Press release from the Swedish Academy
In February 1989, Iran’s spiritual leader, Ayatollah Khomeini, issued a death warrant for Salman Rushdie for having violated Islam through blasphemy with his novel The Satanic Verses. Rushdie was forced to go underground. Murders and attempted murders of his translators and publishers followed. In the ensuing years, Iranian officials have occasionally referred to the death sentence, sometimes to play down its importance, as when re-establishing diplomatic relations with the United Kingdom in 1998, sometimes to intensify it, as with the recurrent increases of promised rewards to anyone who would kill Rushdie.
Recently, only weeks after the beginning of a normalisation process between Iran and the Western world, the tone again escalated. Forty state-run media outlets grouped together to increase the bounty by an additional USD 600,000. The death sentence and the reward money are flagrant breaches of international law and rules of civilised interaction within the world community and therefore can in no way be compatible with normalisation.
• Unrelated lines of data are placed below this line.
Lemma bits_pos_orientation o (a b c : 'I_5) : total_orientation o -> distinct3 a b c ->
  bits_pos (orientation_bits o) a b c = (o a b c == 1).
Proof.
move=> o_alt abc; rewrite bits_pos_bits_of ?inord_val // => x y z /o_alt[o_pm [o1 o2 o3 o4 o5]].
have flip (i j : int) : i = 1 \/ i = -1 -> i = - j -> (i == 1) = ~~ (j == 1).
  by move=> i_pm ij; apply/idP/idP; lia.
rewrite !inord_val; split; [by rewrite o1 | by rewrite o2 | exact: flip..].
Qed.

Lemma orient_of_orientation_bits o (a b c : 'I_5) : total_orientation o -> distinct3 a b c ->
  o a b c = orient_of_bits (orientation_bits o) a b c.
Proof.
move=> o_alt abc; rewrite /orient_of_bits bits_pos_orientation //.
by have [[] -> _] := o_alt a b c abc.
Qed.

Lemma interior_orientation_bits o : total_3order o -> interior_bits (orientation_bits o).
Proof.
move=> [o_alt o_int]; apply/all5P => a; apply/all5P => b; apply/all5P => c; apply/all5P => d.
apply/implyP => /and4P[/distinct3_ord[ab bc ac] ad bd cd].
have [abc abd bcd cad] : [/\ distinct3 a b c, distinct3 a b d, distinct3 b c d & distinct3 c a d].
  by split; split; rewrite // eq_sym.
rewrite !bits_pos_orientation //.
apply/implyP => /and3P[/eqP abd1 /eqP bcd1 /eqP cad1]; apply/eqP.
exact: o_int abc ad bd cd abd1 bcd1 cad1.
Qed.

Lemma realizable_ord5 (R : realType) (o : 'I_5 -> 'I_5 -> 'I_5 -> int) : total_3order o ->
  exists K : 'I_5 -> set (R * R), realizes K o.
Proof.
move=> [o_alt o_int]; have : orientation_bits o \in class_relabellings.
  have bits10 : size (orientation_bits o) = 10%nat by rewrite size_map.
  move/allP/(_ (orientation_bits o)): interior_bits_classified.
  by rewrite -bits10 mem_bitseqs interior_orientation_bits //; apply.
case/allpairsP => -[cl s] [cl_in s_perm bitsE]; rewrite mem_permutations in s_perm.
have [h h_inj hE] := perm_iota_ord s_perm.
exists (@class_polygons R cl \o h).
apply: (realizes_comp h_inj _ (@class_realizes R cl (allP classes_ok cl cl_in))) => a b c abc.
rewrite (orient_of_orientation_bits o_alt abc) bitsE /orient_of_bits /relabel bits_pos_bits_of //.
  by rewrite -!hE.
by move=> x y z xyz; rewrite -!hE; apply/bits_pos_alternating/distinct3_inj.
Qed.

Theorem claim4 (R : realType) (V : finType) (hV : #|V| = 5%N)
  (o : V -> V -> V -> int) (ho : total_3order o) :
  exists K : V -> set (R * R),
    holey K /\
    forall u v w, distinct3 u v w -> family_orient_is (K u) (K v) (K w) (o u v w).
Proof.
pose f (a : 'I_5) : V := enum_val (cast_ord (esym hV) a).
pose g (v : V) : 'I_5 := cast_ord hV (enum_rank v).
have gK : cancel g f by move=> v; rewrite /f /g cast_ordK enum_rankK.
have f_inj : injective f by move=> a b /enum_val_inj/cast_ord_inj.
have [K K_o] := realizable_ord5 R (total_3order_comp f_inj ho).
exists (K \o g); apply: realizes_comp (can_inj gK) _ K_o => u v w _.
by rewrite !gK.
Qed.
The fact that the death sentence has been passed as punishment for a work of literature also implies a serious violation of free speech. The principle of the independence of literature from political control is of fundamental importance for civilisation and must be defended against attacks by avengers and the adherents of censorship.
The Swedish Academy decries the retention of the death sentence for Salman Rushdie and that state-controlled media are permitted to encourage violence directed at a writer.